The United Nations has unveiled plans to rush life-saving anti-retroviral AIDS drugs to three million of the world's poor in a $5.5 billion emergency plan to fight a disease now killing 8,000 people a day.
"The lives of millions of people are at stake. This strategy demands massive and unconventional efforts to make sure they stay alive," World Health Organization (WHO) Director-General Lee Jong-wook said in a statement to mark World Aids Day.
"Preventing and treating AIDS may be the toughest health assignment the world has faced, but it is also the most urgent."
Experts said a pillar of the plan will be a vast increase in the manufacture and distribution of combination therapy ARVs under which sufferers need only take two pills a day.
The world body announced last week that 40 million people around the world are infected with HIV, and that the global AIDS epidemic shows no signs of abating.

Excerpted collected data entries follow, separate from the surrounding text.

Lemma Robba_cscale c x : Rle (abs c) 1 -> in_Robba p abs x ->
  in_Robba p abs (cscale c x).
Proof.
move=> c_le1 xR; apply: (Robba_dominated _ xR xR) => a.
rewrite Rmax_left /cscale ?(pf_absM hK); last exact: Rle_refl.
by have := abs_ge0 (x a); have := abs_ge0 c; nra.
Qed.

Lemma Robba_coef_product_bounded x0 x :
  in_Robba p abs x0 -> in_Robba p abs x ->
  exists B, forall a, Rle (abs (x0 (negZd a)) * abs (x a)) B.
Proof.
move=> [r0 [r0_good x0_lim]] [rx [rx_good x_lim]].
pose r := Rmax r0 rx.
have r_good : good_radius p r by apply: Rmax_case.
have [r_gt0 _] := good_radius_bounds p_prime r_good.
have [M0 leM0] := tends0_bounded (x0_lim r r_good (Rmax_l _ _)).2.
have [Mx leMx] := tends0_bounded (x_lim r r_good (Rmax_r _ _)).2.
exists (M0 * Mx)%R => a.
have := leM0 (negZd a); have := leMx a; rewrite degZ_negZd.
have uv := rpow_int_oppKr (degZ a) r_gt0.
have u_gt0 := rpow_int_gt0 (- degZ a) r_gt0; have v_gt0 := rpow_int_gt0 (degZ a) r_gt0.
set u := rpow_int r (- degZ a) in uv u_gt0 *.
set v := rpow_int r (degZ a) in uv v_gt0 *.
move=> le_x_Mx le_x0_M0.
have -> : (abs (x0 (negZd a)) * abs (x a) =
           (abs (x0 (negZd a)) * u) * (abs (x a) * v))%R.
  by rewrite -[LHS]Rmult_1_r -uv; ring.
by apply: Rmult_le_compat => //; apply: Rmult_le_pos => //; lra.
Qed.

Lemma Lx0_absorbs x0 x : in_Robba p abs x0 -> in_Robba p abs x ->
  exists c, c <> 0 /\ Lx0 p abs x0 (cscale c x).
Proof.
move=> x0R xR; have [B leB] := Robba_coef_product_bounded x0R xR.
have B'_gt0 : Rlt 0 (Rmax 1 B) by have := Rmax_l 1 B; lra.
have q_gt0 := invp_gt0 p_prime.
have [k ltk] := pow_lt1_small (Rlt_le _ _ q_gt0) (invp_lt1 p_prime)
  (Rinv_0_lt_compat _ B'_gt0).
have {}ltk := ltk k (leqnn k).
have abs_c : abs ((p%:R : K) ^+ k) = ((/ INR p) ^ k)%R.
  by rewrite (absX hK) (pf_abs_p hK).
exists ((p%:R : K) ^+ k); split.
  by move=> c0; have := pow_lt _ k q_gt0; rewrite -abs_c c0 (abs0 hK); lra.
split.
  apply: Robba_cscale xR; rewrite abs_c.
  by apply: pow_le1; apply: Rlt_le => //; apply: invp_lt1.
move=> a; rewrite /cscale (pf_absM hK) abs_c.
have : Rle ((/ INR p) ^ k * Rmax 1 B) 1.
  by have := Rinv_l _ (Rgt_not_eq _ _ B'_gt0); nra.
have := leB a; have := Rmax_r 1 B; have := pow_lt _ k q_gt0.
have := abs_ge0 (x a); have := abs_ge0 (x0 (negZd a)); nra.
Qed.

Lemma Lx0_lattice x0 : in_Robba p abs x0 -> is_lattice p abs (Lx0 p abs x0).
Proof.
move=> x0R; split; first by move=> x [].
split.
  split; first exact: Robba_czero.
  by move=> a; rewrite /czero (abs0 hK) Rmult_0_r; lra.
split.
  move=> x y [xR x_le1] [yR y_le1]; split.
    by apply: Robba_dominated xR yR => a; exact: (pf_ultra hK).
  move=> a; apply: Rle_trans (_ : Rle _ (abs (x0 (negZd a)) *
      Rmax (abs (x a)) (abs (y a)))) _.
    by apply: Rmult_le_compat_l (abs_ge0 _) (pf_ultra hK _ _).
  by rewrite -RmaxRmult ?abs_ge0 //; apply: Rmax_lub.
split.
  move=> c x c_le1 [xR x_le1]; split; first exact: Robba_cscale.
  move=> a; rewrite /cscale (pf_absM hK).
  by have := x_le1 a; have := abs_ge0 (x a); have := abs_ge0 (x0 (negZd a));
     have := abs_ge0 c; nra.
by move=> x; apply: Lx0_absorbs.
Qed.

Lemma csub_D_supported y x : in_D abs y -> in_D abs x ->
  forall a, ~~ nonneg a -> csub y x a = 0.
Proof.
by move=> [y_supp _] [x_supp _] a a_neg; rewrite /csub y_supp // x_supp // subrr.
Qed.

Lemma rho_ball_sub_Lx0 x0 : in_Robba p abs x0 ->
  exists r eps, good_radius p r /\ Rlt 0 eps /\
    forall z, (forall a, ~~ nonneg a -> z a = 0) -> rho_ball abs r eps z ->
      forall a, Rle (abs (x0 (negZd a)) * abs (z a)) 1.
Proof.
move=> [r [r_good x0_lim]].
have [r_gt0 _] := good_radius_bounds p_prime r_good.
have [M leM] := tends0_bounded (x0_lim r r_good (Rle_refl r)).2.
have M'_gt0 : Rlt 0 (Rmax 1 M) by have := Rmax_l 1 M; lra.
exists r, (/ Rmax 1 M)%R; split=> //; split; first exact: Rinv_0_lt_compat.
move=> z z_supp z_ball a.
case a_ge0: (nonneg a); last by rewrite z_supp ?a_ge0 // (abs0 hK) Rmult_0_r; lra.
have := z_ball a; have := leM (negZd a).
rewrite degZ_negZd (degZ_nonneg a_ge0) rpow_int_oppn /=.
have rn_gt0 := pow_lt r (norm1 a) r_gt0.
set u := (r ^ norm1 a)%R in rn_gt0 *.
move=> le_x0_M le_z_eps.
have -> : (abs (x0 (negZd a)) * abs (z a) =
           (abs (x0 (negZd a)) * / u) * (abs (z a) * u))%R.
  by rewrite -[LHS]Rmult_1_r -(Rinv_l u); [ring | lra].
rewrite -(Rinv_r (Rmax 1 M)); last lra.
apply: Rmult_le_compat => //; try apply: Rmult_le_pos; try exact: abs_ge0.
- by apply: Rlt_le; apply: Rinv_0_lt_compat.
- by lra.
- exact: Rle_trans le_x0_M (Rmax_r _ _).
Qed.

Definition padic_weight (m j : nat) : coefs K d := fun b =>
  if nonneg (negZd b) then (p%:R^-1) ^+ j * p%:R ^+ (norm1 b %/ m) else 0.

Lemma abs_padic_weight m j a : nonneg a ->
  abs (padic_weight m j (negZd a)) = (INR p ^ j * (/ INR p) ^ (norm1 a %/ m))%R.
Proof.
have p_neq0 : (p%:R : K) <> 0 by move=> p0; have := invp_gt0 p_prime;
  rewrite -(pf_abs_p hK) p0 (abs0 hK); lra.
move=> a_ge0; rewrite /padic_weight negZdK a_ge0 norm1_negZd (pf_absM hK) !(absX hK).
by rewrite (absV hK) // (pf_abs_p hK) Rinv_inv.
Qed.

(* For [r^(2m) = 1/p] we have [|p|^(n/m) <= p r^(2n)]. *)
Lemma padic_weight_Robba m j : (0 < m)%nat -> in_Robba p abs (padic_weight m j).
Proof.
move=> m_gt0; have p_ge2 := INR_prime_ge2 p_prime.
have [r [r_good r2m]] := good_radius_root p_prime (n := m.*2)
  ltac:(by rewrite -addnn (leq_add m_gt0 m_gt0)).
have [r_gt0 r_lt1] := good_radius_bounds p_prime r_good.
suff le_geom t : Rle r t ->
    forall b, Rle (abs (padic_weight m j b) * rpow_int t (degZ b))
                  (INR p ^ j * INR p * r ^ norm1 b).
  exists r; split=> // t _ le_rt.
  by split; apply: tends0_geometric (Rlt_le _ _ r_gt0) r_lt1 _; apply: le_geom;
     [apply: Rle_refl|].
move=> le_rt b.
have rn_gt0 := pow_lt r (norm1 b) r_gt0.
have pj_gt0 := pow_lt (INR p) j ltac:(lra).
case b_neg: (nonneg (negZd b)); last first.
  rewrite /padic_weight b_neg (abs0 hK) Rmult_0_l.
  by apply: Rmult_le_pos; [apply: Rmult_le_pos|]; lra.
rewrite -[b]negZdK abs_padic_weight // degZ_negZd (degZ_nonneg b_neg) rpow_int_oppn.
rewrite !norm1_negZd; set n := norm1 b in rn_gt0 *; set Q := (n %/ m)%nat.
have le_tr : Rle (/ t ^ n) (/ r ^ n).
  by apply: Rinv_le_contravar => //; apply: pow_incr; lra.
have le_qQ : Rle ((/ INR p) ^ Q) (INR p * (r ^ n * r ^ n)).
  have lt_n : (n + n <= m.*2 * Q.+1)%nat.
    have := ltn_ceil n m_gt0; rewrite -/Q => /ltnW le_n.
    by rewrite -addnn mulnDl mulnC leq_add.
  rewrite -pow_add -[((/ INR p) ^ Q)%R]Rmult_1_l -(Rinv_r (INR p)); last lra.
  rewrite Rmult_assoc tech_pow_Rmult; apply: Rmult_le_compat_l; first lra.
  by rewrite -r2m -pow_mult; apply: pow_le1_decr; [lra | lra | exact: lt_n].
have invp_Q := pow_le (/ INR p) Q (Rlt_le _ _ (invp_gt0 p_prime)).
have tn_inv_ge0 := Rlt_le _ _ (Rinv_0_lt_compat _ (pow_lt t n ltac:(lra))).
apply: (Rle_trans _ (INR p ^ j * (INR p * (r ^ n * r ^ n)) * / r ^ n)).
  rewrite Rmult_assoc [X in Rle _ X]Rmult_assoc.
  apply: Rmult_le_compat_l; first lra.
  by apply: Rmult_le_compat.
by right; field; lra.
Qed.

Lemma Lx0_padic_weight_sub_rho_ball m j rho z :
  (0 < m)%nat -> Rle 0 rho -> Rle rho 1 -> Rle (rho ^ m) (/ INR p) ->
  (forall a, ~~ nonneg a -> z a = 0) ->
  (forall a, Rle (abs (padic_weight m j (negZd a)) * abs (z a)) 1) ->
  rho_ball abs rho ((/ INR p) ^ j) z.
Proof.
move=> m_gt0 rho_ge0 rho_le1 rho_m z_supp z_le1 a.
have qj_ge0 := pow_le (/ INR p) j (Rlt_le _ _ (invp_gt0 p_prime)).
case a_ge0: (nonneg a); last by rewrite z_supp ?a_ge0 // (abs0 hK) Rmult_0_l.
rewrite (degZ_nonneg a_ge0) /=.
have := z_le1 a; rewrite abs_padic_weight //.
set n := norm1 a; set Q := (n %/ m)%nat => le1.
have le_rho : Rle (rho ^ n) ((/ INR p) ^ Q).
  apply: (Rle_trans _ ((rho ^ m) ^ Q)).
    by rewrite -pow_mult; apply: pow_le1_decr => //; rewrite multE mulnC leq_divM.
  by apply: pow_incr; split=> //; apply: pow_le.
have pq : (INR p ^ j * (/ INR p) ^ j = 1)%R.
  by rewrite -Rpow_mult_distr Rinv_r ?pow1 //; have := INR_prime_ge2 p_prime; lra.
apply: Rle_trans (Rmult_le_compat_l _ _ _ (abs_ge0 _) le_rho) _.
have -> : (abs (z a) * (/ INR p) ^ Q =
           (/ INR p) ^ j * (INR p ^ j * (/ INR p) ^ Q * abs (z a)))%R.
  by rewrite -[LHS]Rmult_1_l -pq; ring.
by rewrite -[X in Rle _ X]Rmult_1_r; apply: Rmult_le_compat_l.
Qed.

Lemma radii_pow_le (q : R) (rs : list R) : Rlt 0 q ->
  (forall rho, List.In rho rs -> Rle 0 rho /\ Rlt rho 1) ->
  exists m, (0 < m)%nat /\ forall rho, List.In rho rs -> Rle (rho ^ m) q.
Proof.
move=> q_gt0; elim: rs => [|r rs IHrs] rs_bnd; first by exists 1%nat.
have [r_ge0 r_lt1] := rs_bnd r (or_introl erefl).
have [m1 [m1_gt0 le_m1]] := IHrs (fun rho rho_rs => rs_bnd rho (or_intror rho_rs)).
have [m2 lt_m2] := pow_lt1_small r_ge0 r_lt1 q_gt0.
exists (m1 * m2.+1)%nat; split; first by rewrite muln_gt0 m1_gt0.
move=> rho [<-|rho_rs].
  apply: Rle_trans (Rlt_le _ _ (lt_m2 m2.+1 (leqnSn m2))).
  by apply: pow_le1_decr; [| apply: Rlt_le | apply: leq_pmull].
have [rho_ge0 rho_lt1] := rs_bnd rho (or_intror rho_rs).
apply: Rle_trans (le_m1 rho rho_rs).
by apply: pow_le1_decr; [| apply: Rlt_le | apply: leq_pmulr].
Qed.

Lemma Lx0_sub_rho_balls rs eps : Rlt 0 eps ->
  (forall rho, List.In rho rs -> good_radius p rho) ->
  exists x0, in_Robba p abs x0 /\
    forall z, (forall a, ~~ nonneg a -> z a = 0) ->
      (forall a, Rle (abs (x0 (negZd a)) * abs (z a)) 1) ->
      forall rho, List.In rho rs -> rho_ball abs rho eps z.
Proof.
move=> eps_gt0 rs_good.
have rs_bnd rho : List.In rho rs -> Rle 0 rho /\ Rlt rho 1.
  by move=> /rs_good /(good_radius_bounds p_prime) []; split=> //; apply: Rlt_le.
have [m [m_gt0 le_m]] := radii_pow_le (invp_gt0 p_prime) rs_bnd.
have [j lt_j] :=
  pow_lt1_small (Rlt_le _ _ (invp_gt0 p_prime)) (invp_lt1 p_prime) eps_gt0.
exists (padic_weight m j); split; first exact: padic_weight_Robba.
move=> z z_supp z_le1 rho rho_rs a.
have [rho_ge0 rho_lt1] := rs_bnd rho rho_rs.
apply: Rle_trans (Rlt_le _ _ (lt_j j (leqnn j))).
exact: (Lx0_padic_weight_sub_rho_ball m_gt0 rho_ge0 (Rlt_le _ _ rho_lt1)
  (le_m rho rho_rs) z_supp z_le1).
Qed.

Lemma D_subspace_open_frechet W : (forall x, W x -> in_D abs x) ->
  D_subspace_open p abs W -> frechet_open p abs W.
Proof.
move=> W_D [V [[_ V_open] WV]] x Wx.
have xD := W_D x Wx.
have [L [[_ [x0 [x0R Lx0_L]]] L_V]] := V_open x ((WV x xD).1 Wx).
have [r [eps [r_good [eps_gt0 ball_Lx0]]]] := rho_ball_sub_Lx0 x0R.
exists [:: r], eps; split=> //; split; first by move=> rho [<-|[]].
move=> y yD y_ball; apply/(WV y yD).2/L_V; first exact: D_Robba.
apply: Lx0_L; split; first by apply: Robba_csub; apply: D_Robba.
by apply: ball_Lx0; [exact: csub_D_supported | exact: y_ball (or_introl erefl)].
Qed.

The WHO estimates that six million people in poor countries are in immediate need of the anti-retroviral (ARV) treatment that many rich world sufferers now take for granted, but less than 300,000 actually receive it. The strategy requires getting ARV treatment to half of the six million by the end of 2005.
The WHO, whose recommendations guide policymakers around the world, is expected at the global launch of the strategy in Kenya to provide details of how to widen access to "combination therapy", which improves the effectiveness of treatment.
UN Secretary-General Kofi Annan thinks many political leaders do not care enough to fight the disease, which has killed 28 million people since it was first reported among homosexual men in the United States in 1981.